BEGIN MATERIAL FOR THIS EXERCISE
Definition C_has_deriv (g : Cpx -> Cpx) (z d : Cpx) : Prop :=
  forall eps, 0 < eps -> exists r, 0 < r /\
    forall h : Cpx, Cmod h < r ->
      Cmod (Csub (Csub (g (Cadd z h)) (g z)) (Cmul d h)) <= eps * Cmod h.

Definition C_open (U : Cpx -> Prop) : Prop :=
  forall z, U z -> exists r, 0 < r /\ forall w, Cmod (Csub w z) < r -> U w.

(** E = { z : dist(z,[0,T]) <= delta } (the distance to the compact interval is attained). *)
Definition Eset (T delta : R) (z : Cpx) : Prop :=
  exists x, 0 <= x <= T /\ Cmod (Csub z (RtoC x)) <= delta.

Definition E1set (T delta1 : R) (t : Cpx) : Prop :=
  0 < Re t < T + delta1 /\ Rabs (Im t) < delta1.

Definition has_deriv_within (f : R -> Cpx) (a b u : R) (v : Cpx) : Prop :=
  forall eps, 0 < eps -> exists r, 0 < r /\
    forall h, a <= u + h <= b -> Rabs h < r ->
      Cmod (Csub (Csub (f (u + h)) (f u)) (Cmul (RtoC h) v)) <= eps * Rabs h.

Definition is_ivp_solution (dlam : Cpx -> Cpx) (s : Cpx) (eps b : R) (f : R -> Cpx) : Prop :=
  f 0 = Cmul (RtoC eps) Ci /\
  forall u, 0 <= u <= b ->
    f u <> RtoC 0 /\
    has_deriv_within f 0 b u
      (Cadd (Cdiv (RtoC (-2)) (f u)) (dlam (Csub s (RtoC u)))).

From Stdlib Require Import Reals Lra Psatz FunctionalExtensionality.
From Stdlib Require Classical_Prop.
From Coquelicot Require Import Rcomplements Hierarchy Derive RInt RInt_analysis Lim_seq Rbar.
From Coquelicot Require Complex.
Open Scope R_scope.

(* Write [f = x + i y].  Since [lam] is real on [[0, T]], [Im lam'] is [O(delta1)]
   near the segment, and the [C^{1/2}] bound gives [|ell u| <= (21/20) sqrt u] for
   [ell u = Re lam (s - u) - Re lam s].  Along a solution, [y^2 - (x + ell)^2] has
   derivative [4 + 4 ell x / |f|^2 + 2 y Im lam' (s - u)], which is at least [12/5]
   as long as [y^2 >= 2 u]; by continuity [y^2 >= eps^2 + (12/5) u] on the whole
   interval.  Existence follows by Picard iteration for the field with [Im f]
   clipped below at [eps / 2], which is globally Lipschitz; the bound shows that
   the clipping is never active.  Uniqueness is a Gronwall argument, [-2 / f]
   being Lipschitz away from [0]. *)

Lemma Cmod_ge0 z : 0 <= Cmod z.
Proof. exact (Complex.Cmod_ge_0 z). Qed.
END MATERIAL FOR THIS EXERCISE
TASK STATEMENT:
The line with "forall u, 0 <= u <= b ->" and all the lines after it in the records above are to be output exactly, with nothing added.

RESPONSE BOX:
  forall u, 0 <= u <= b ->
    f u <> RtoC 0 /\
    has_deriv_within f 0 b u
      (Cadd (Cdiv (RtoC (-2)) (f u)) (dlam (Csub s (RtoC u)))).

From Stdlib Require Import Reals Lra Psatz FunctionalExtensionality.
From Stdlib Require Classical_Prop.
From Coquelicot Require Import Rcomplements Hierarchy Derive RInt RInt_analysis Lim_seq Rbar.
From Coquelicot Require Complex.
Open Scope R_scope.

(* Write [f = x + i y].  Since [lam] is real on [[0, T]], [Im lam'] is [O(delta1)]
   near the segment, and the [C^{1/2}] bound gives [|ell u| <= (21/20) sqrt u] for
   [ell u = Re lam (s - u) - Re lam s].  Along a solution, [y^2 - (x + ell)^2] has
   derivative [4 + 4 ell x / |f|^2 + 2 y Im lam' (s - u)], which is at least [12/5]
   as long as [y^2 >= 2 u]; by continuity [y^2 >= eps^2 + (12/5) u] on the whole
   interval.  Existence follows by Picard iteration for the field with [Im f]
   clipped below at [eps / 2], which is globally Lipschitz; the bound shows that
   the clipping is never active.  Uniqueness is a Gronwall argument, [-2 / f]
   being Lipschitz away from [0]. *)

Lemma Cmod_ge0 z : 0 <= Cmod z.
Proof. exact (Complex.Cmod_ge_0 z). Qed.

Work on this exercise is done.